*Data excerpts*:
(* Let $l:\mathbb{R}^p\to\mathbb{R}$ be a convex and differentiable function, let $\lambda_1\ge\lambda_2\ge\dots\ge\lambda_p\ge 0$ be arbitrary, and let $$\hat b\in\operatorname{argmin}_{b\in\mathbb{R}^p}\Big\{l(b)+\sum_{i=1}^p\lambda_i|b|_{(i)}\Big\}.$$ Let $R=\#\{i:\hat b_i\neq 0\}$, $U(b)=-\nabla l(b)$, and for $a>0$ let $T(a)=U(\hat b)+a\hat b$. Then for any $a>0$ and any $r\in\{1,\dots,p\}$, $$R=r \iff T(a)\in H_r.$$
   Context: $|w|_{(1)}\ge\dots\ge|w|_{(p)}$ denote the ordered absolute values of the entries of $w\in\mathbb{R}^p$. For $r\in\{1,\dots,p\}$, $$H_r=\Big\{w\in\mathbb{R}^p:\ \forall_{j\le r}\ \sum_{i=j}^r\lambda_i<\sum_{i=j}^r|w|_{(i)}\ \text{ and }\ \forall_{j\ge r+1}\ \sum_{i=r+1}^j\lambda_i\ge\sum_{i=r+1}^j|w|_{(i)}\Big\}.$$ *)

From HB Require Import structures.
From mathcomp Require Import all_boot all_order all_algebra.
From mathcomp Require Import all_classical all_reals all_analysis.
Set Implicit Arguments. Unset Strict Implicit. Unset Printing Implicit Defensive.
Import Order.TTheory GRing.Theory Num.Theory.
Import numFieldNormedType.Exports.
Local Open Scope ring_scope.

Section Defs.
Variable R : realType.
Variable p : nat.

(* |w|_(i), 1-based: i-th largest absolute value of the entries of w
   (i in 1..p); the value for i outside 1..p is irrelevant (it is never used). *)
Definition sorted_abs (w : 'rV[R]_p) : seq R :=
  sort (fun x y : R => y <= x) [seq `|w 0 j| | j <- enum 'I_p].
Definition oabs (w : 'rV[R]_p) (i : nat) : R := nth 0 (sorted_abs w) i.-1.

(* lambda_i, 1-based, for lam : 'rV_p *)
Definition lamn (lam : 'rV[R]_p) (i : nat) : R :=
  nth 0 [seq lam 0 j | j <- enum 'I_p] i.-1.

Definition slope_pen (lam : 'rV[R]_p) (b : 'rV[R]_p) : R :=
  \sum_(1 <= i < p.+1) lamn lam i * oabs b i.

Definition convex_fun (l : 'rV[R]_p -> R) : Prop :=
  forall (x y : 'rV[R]_p) (t : R), 0 <= t <= 1 ->
    l (t *: x + (1 - t) *: y) <= t * l x + (1 - t) * l y.

Definition grad (l : 'rV[R]_p -> R) (b : 'rV[R]_p) : 'rV[R]_p :=
  \row_i ('d l b (delta_mx 0 i : 'rV[R]_p)).

Definition H (lam : 'rV[R]_p) (r : nat) (w : 'rV[R]_p) : Prop :=
  (forall j : nat, (1 <= j <= r)%N ->
     \sum_(j <= i < r.+1) lamn lam i < \sum_(j <= i < r.+1) oabs w i) /\
  (forall j : nat, (r.+1 <= j <= p)%N ->
     \sum_(r.+1 <= i < j.+1) lamn lam i >= \sum_(r.+1 <= i < j.+1) oabs w i).

End Defs.

From HB Require Import structures.
From mathcomp Require Import all_boot all_order all_algebra.
From mathcomp Require Import all_classical all_reals all_analysis.
From mathcomp Require Import ring lra zify.
Import Order.TTheory GRing.Theory Num.Theory.
Import numFieldNormedType.Exports.
Local Open Scope ring_scope.
Set Implicit Arguments. Unset Strict Implicit. Unset Printing Implicit Defensive.

(* Write S_k(x) for the sum of the k largest |x_j| and L_k = lambda_1 + ... + lambda_k.
   Then T lies in H_r iff L_r - L_m < S_r(T) - S_m(T) for m < r and
   S_n(T) - S_r(T) <= L_n - L_r for r < n <= p.  Summation by parts writes the penalty
   as sum_k (lambda_k - lambda_(k+1)) S_k with nonnegative weights, and each S_k is
   sublinear, being min_c (k c + sum_j (|x_j| - c)_+).  First-order optimality of bhat
   along well-chosen directions gives, for U = -grad l(bhat) and R = |supp bhat|,
   S_k(U) <= L_k for every k and sum_j U_j sgn(bhat_j) >= L_R.  Hence
   S_k(T) <= L_k + a S_k(bhat) <= L_k + a |bhat|_1, strictly in the second step when
   k < R, while S_R(T) >= L_R + a |bhat|_1: so T lies in H_R.  The sets H_r are
   pairwise disjoint, and when R = 0 the bound S_r(U) <= L_r rules out every H_r. *)

Section TopSum.
Variables (R : realType) (p : nat).
Implicit Types (x y : 'rV[R]_p) (c t : R).

Definition pospart c : R := Num.max c 0.

Lemma pospart_ge0 c : 0 <= pospart c.
Proof. by rewrite le_max lexx orbT. Qed.

Lemma le_pospart c : c <= pospart c.
Proof. by rewrite le_max lexx. Qed.

Lemma pospart_id c : 0 <= c -> pospart c = c.
Proof. by move=> c_ge0; rewrite /pospart max_l. Qed.

Lemma pospart_eq0 c : c <= 0 -> pospart c = 0.
Proof. by move=> c_le0; rewrite /pospart max_r. Qed.

Lemma pospart_le c d : c <= d -> 0 <= d -> pospart c <= d.
Proof. by move=> cd d_ge0; rewrite ge_max cd d_ge0. Qed.

Lemma mul_le_pospart (f c : R) : 0 <= f <= 1 -> f * c <= pospart c.
Proof.
case/andP=> f_ge0 f_le1; have [c_ge0|c_lt0] := lerP 0 c.
  by rewrite pospart_id // -[leRHS]mul1r ler_wpM2r.
by rewrite pospart_eq0 ?(ltW c_lt0) // mulr_ge0_le0 // ltW.
Qed.

Definition supp x := [set j | x 0 j != 0].

Definition top_sum k x : R := \sum_(i < k) oabs x i.+1.

Lemma size_sorted_abs x : size (sorted_abs x) = p.
Proof. by rewrite size_sort size_map size_enum_ord. Qed.

Lemma perm_sorted_abs x : perm_eq (sorted_abs x) [seq `|x 0 j| | j <- enum 'I_p].
Proof. by rewrite /sorted_abs perm_sort. Qed.

Lemma sum_oabs x (F : R -> R) : \sum_(i < p) F (oabs x i.+1) = \sum_j F `|x 0 j|.
Proof.
rewrite -[RHS]big_enum /= -(big_map (fun j => `|x 0 j|) xpredT F).
by rewrite -(perm_big _ (perm_sorted_abs x)) (big_nth 0) size_sorted_abs big_mkord.
Qed.

Lemma oabs_ge0 x i : 0 <= oabs x i.
Proof.
rewrite /oabs; have [i_lt|i_ge] := ltnP i.-1 (size (sorted_abs x)); last first.
  by rewrite nth_default.
by move: (mem_nth 0 i_lt); rewrite (perm_mem (perm_sorted_abs x)) => /mapP[j _ ->].
Qed.

Lemma oabs_le x i i' : (i <= i')%N -> (i' < p)%N -> oabs x i'.+1 <= oabs x i.+1.
Proof.
move=> ii' i'p; have sorted_x : sorted (fun a b : R => b <= a) (sorted_abs x).
  by apply: sort_sorted => a b; exact: le_total.
apply: (sorted_leq_nth _ _ 0 sorted_x) => //; rewrite ?inE ?size_sorted_abs //=.
- by move=> a b c ba cb; exact: le_trans cb ba.
- exact: leq_ltn_trans i'p.
Qed.

Lemma card_abs_count x (P : pred R) :
  #|[set j | P `|x 0 j|]| = count P (sorted_abs x).
Proof.
rewrite (permP (perm_sorted_abs x)).
by rewrite count_map enumT cardsE cardE /enum_mem size_filter.
Qed.

Lemma card_gt_oabs x k : (#|[set j | (oabs x k < `|x 0 j|)%R]| <= k.-1)%N.
Proof.
rewrite card_abs_count -(cat_take_drop k.-1 (sorted_abs x)) count_cat.
have -> : count (fun v => oabs x k < v) (drop k.-1 (sorted_abs x)) = 0%N.
  apply/eqP; rewrite -leqn0 leqNgt -has_count; apply/hasPn => v.
  case/(nthP 0) => i; rewrite size_drop size_sorted_abs => i_lt <-.
  by rewrite nth_drop /= -leNgt (oabs_le _ (leq_addr i _)) // -ltn_subRL.
rewrite addn0; apply: leq_trans (count_size _ _) _.
by rewrite size_take_min geq_minl.
Qed.

Lemma card_ge_oabs x k : (k <= p)%N -> (k <= #|[set j | (oabs x k <= `|x 0 j|)%R]|)%N.
Proof.
move=> kp; rewrite card_abs_count -(cat_take_drop k (sorted_abs x)) count_cat.
have /eqP -> : count (fun v => oabs x k <= v) (take k (sorted_abs x)) == k.
  rewrite -[X in _ == X](size_takel (s := sorted_abs x)) ?size_sorted_abs //.
  rewrite -all_count; apply/(all_nthP 0) => i; rewrite size_take_min ltn_min.
  by case/andP=> i_k _; rewrite nth_take //; apply: (oabs_le x (i' := k.-1)); lia.
exact: leq_addr.
Qed.

(* Together with [top_sum_threshold]: [top_sum k x] is the minimum over [c] of
   [k c + sum_j (|x_j| - c)_+], attained at the k-th largest entry. *)
Lemma top_sum_le_threshold k x c : (k <= p)%N ->
  top_sum k x <= k%:R * c + \sum_j pospart (`|x 0 j| - c).
Proof.
move=> kp; rewrite -(sum_oabs x (fun v => pospart (v - c))).
apply: (@le_trans _ _ (\sum_(i < k) (c + pospart (oabs x i.+1 - c)))).
  by apply: ler_sum => i _; rewrite -lerBlDl le_pospart.
rewrite big_split /= sumr_const card_ord mulr_natl lerD2l.
rewrite (big_ord_widen p (fun i => pospart (oabs x i.+1 - c))) //.
rewrite [leRHS](bigID (fun i : 'I_p => (i < k)%N)) /= lerDl.
by apply: sumr_ge0 => i _; exact: pospart_ge0.
Qed.

(* Also for [k = 0], where [oabs x 0] is the largest entry [oabs x 1]. *)
Lemma top_sum_threshold k x : (k <= p)%N ->
  top_sum k x = k%:R * oabs x k + \sum_j pospart (`|x 0 j| - oabs x k).
Proof.
move=> kp; set c := oabs x k.
rewrite -(sum_oabs x (fun v => pospart (v - c))) (bigID (fun i : 'I_p => (i < k)%N)) /=.
rewrite [X in _ = _ + (_ + X)]big1 => [|i]; last first.
  rewrite -leqNgt => ki; apply: pospart_eq0; rewrite subr_le0.
  exact: (oabs_le x (leq_trans (leq_pred k) ki)).
rewrite addr0 -(big_ord_widen p (fun i => pospart (oabs x i.+1 - c))) //.
rewrite (eq_bigr (fun i : 'I_k => oabs x i.+1 - c)) => [|i _]; last first.
  apply: pospart_id; rewrite subr_ge0.
  by apply: (oabs_le x (i' := k.-1)); have := ltn_ord i; lia.
by rewrite sumrB sumr_const card_ord mulr_natl addrC subrK.
Qed.

Lemma sum_indicator (P : pred 'I_p) : \sum_j (P j)%:R = #|[set j | P j]|%:R :> R.
Proof.
rewrite cardsE -sum1_card natr_sum [RHS]big_mkcond /=.
by apply: eq_bigr => j _; rewrite unfold_in; case: (P j).
Qed.

Lemma top_sum_ge_weight k x (f : 'I_p -> R) : (k <= p)%N ->
  (forall j, 0 <= f j <= 1) -> \sum_j f j <= k%:R ->
  \sum_j f j * `|x 0 j| <= top_sum k x.
Proof.
move=> kp f01 sum_f; rewrite top_sum_threshold //; set c := oabs x k.
apply: (@le_trans _ _ (\sum_j (f j * c + pospart (`|x 0 j| - c)))).
  by apply: ler_sum => j _; rewrite -lerBlDl -mulrBr mul_le_pospart.
by rewrite big_split /= -mulr_suml lerD2r ler_wpM2r ?oabs_ge0.
Qed.
(* Once a line labeling has moved up by one, injectivity forbids it from turning back. *)
Lemma line_labeling_up d t :
  (forall i, i <= d -> t i <= d) -> (forall i j, i <= d -> j <= d -> t i = t j -> i = j) ->
  path_labeling d line_adj t -> 0 < d -> t 1 = (t 0).+1 -> forall i, i <= d -> t i = i.
Proof.
move=> t_le t_inj tP d_gt0 t01.
have up i : i < d -> t i.+1 = (t i).+1.
  elim: i => [//|i IH hi].
  have := tP i.+1 i.+2 (ltnW hi) hi; have := t_inj i.+2 i hi (ltnW (ltnW hi)).
  rewrite /line_adj IH ?(ltnW hi) //; lia.
have shift i : i <= d -> t i = t 0 + i.
  by elim: i => [|i IH hi]; [rewrite addn0 | rewrite up // IH ?(ltnW hi) // addnS].
move=> i hi; rewrite shift //; have := t_le d (leqnn d); rewrite shift //; lia.
Qed.

Lemma line_labelings d t :
  (forall i, i <= d -> t i <= d) -> (forall i j, i <= d -> j <= d -> t i = t j -> i = j) ->
  path_labeling d line_adj t <->
  (forall i, i <= d -> t i = i) \/ (forall i, i <= d -> t i = d - i).
Proof.
move=> t_le t_inj; split=> [tP|[tE|tE] i j hi hj]; last 2 first.
- by rewrite !tE.
- by rewrite !tE // /line_adj; lia.
have [d0|d_gt0] := posnP d.
  by left=> i hi; have := t_le i hi; lia.
have := tP 0 1 (leq0n d) d_gt0; rewrite /line_adj => /orP[/eqP t10|/eqP t01]; last first.
  by left; apply: line_labeling_up.
right=> i hi; suff: d - t i = i by have := t_le i hi; lia.
apply: (@line_labeling_up d (fun i => d - t i)) => //.
- by move=> k _; apply: leq_subr.
- by move=> k l hk hl; have := t_le k hk; have := t_le l hl; have := t_inj k l hk hl; lia.
- move=> k l hk hl; have := tP k l hk hl; have := t_le k hk; have := t_le l hl.
  rewrite /line_adj; lia.
- by have := t_le 0 (leq0n d); lia.
Qed.

Lemma zigzag_posE d p i : p <= d -> i <= d -> (zigzag_pos d p = i) <-> (p = zigzag d i).
Proof. by move=> hp hi; split=> [<-|->]; rewrite ?zigzag_posK ?zigzagK. Qed.

Lemma zigzag_labelings d S : 0 < d -> (forall i, i <= d -> S i <= d) ->
  (forall i j, i <= d -> j <= d -> S i = S j -> i = j) ->
  path_labeling d (sq_adj (pred1 d.-1)) S <->
  (forall i, i <= d -> S i = zigzag d i) \/ (forall i, i <= d -> S i = zigzag d (d - i)).
Proof.
move=> d_gt0 S_le S_inj.
have -> : path_labeling d (sq_adj (pred1 d.-1)) S <->
          path_labeling d line_adj (fun i => zigzag_pos d (S i)).
  by split=> SP i j hi hj; rewrite -(SP i j hi hj) sq_adj_last_rungE ?S_le.
rewrite line_labelings; last 2 first.
- by move=> i hi; rewrite zigzag_pos_le ?S_le.
- move=> i j hi hj /(congr1 (zigzag d)); rewrite !zigzag_posK ?S_le //; exact: S_inj.
by split=> -[SE|SE]; [left|right|left|right]=> i hi;
  apply/zigzag_posE; rewrite ?S_le ?SE //; lia.
Qed.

*The task*: Extract exactly the leading lines of the data, stopping at and including the line with "Definition convex_fun (l".

*Exercise result*:
(* Let $l:\mathbb{R}^p\to\mathbb{R}$ be a convex and differentiable function, let $\lambda_1\ge\lambda_2\ge\dots\ge\lambda_p\ge 0$ be arbitrary, and let $$\hat b\in\operatorname{argmin}_{b\in\mathbb{R}^p}\Big\{l(b)+\sum_{i=1}^p\lambda_i|b|_{(i)}\Big\}.$$ Let $R=\#\{i:\hat b_i\neq 0\}$, $U(b)=-\nabla l(b)$, and for $a>0$ let $T(a)=U(\hat b)+a\hat b$. Then for any $a>0$ and any $r\in\{1,\dots,p\}$, $$R=r \iff T(a)\in H_r.$$
   Context: $|w|_{(1)}\ge\dots\ge|w|_{(p)}$ denote the ordered absolute values of the entries of $w\in\mathbb{R}^p$. For $r\in\{1,\dots,p\}$, $$H_r=\Big\{w\in\mathbb{R}^p:\ \forall_{j\le r}\ \sum_{i=j}^r\lambda_i<\sum_{i=j}^r|w|_{(i)}\ \text{ and }\ \forall_{j\ge r+1}\ \sum_{i=r+1}^j\lambda_i\ge\sum_{i=r+1}^j|w|_{(i)}\Big\}.$$ *)

From HB Require Import structures.
From mathcomp Require Import all_boot all_order all_algebra.
From mathcomp Require Import all_classical all_reals all_analysis.
Set Implicit Arguments. Unset Strict Implicit. Unset Printing Implicit Defensive.
Import Order.TTheory GRing.Theory Num.Theory.
Import numFieldNormedType.Exports.
Local Open Scope ring_scope.

Section Defs.
Variable R : realType.
Variable p : nat.

(* |w|_(i), 1-based: i-th largest absolute value of the entries of w
   (i in 1..p); the value for i outside 1..p is irrelevant (it is never used). *)
Definition sorted_abs (w : 'rV[R]_p) : seq R :=
  sort (fun x y : R => y <= x) [seq `|w 0 j| | j <- enum 'I_p].
Definition oabs (w : 'rV[R]_p) (i : nat) : R := nth 0 (sorted_abs w) i.-1.

(* lambda_i, 1-based, for lam : 'rV_p *)
Definition lamn (lam : 'rV[R]_p) (i : nat) : R :=
  nth 0 [seq lam 0 j | j <- enum 'I_p] i.-1.

Definition slope_pen (lam : 'rV[R]_p) (b : 'rV[R]_p) : R :=
  \sum_(1 <= i < p.+1) lamn lam i * oabs b i.

Definition convex_fun (l : 'rV[R]_p -> R) : Prop :=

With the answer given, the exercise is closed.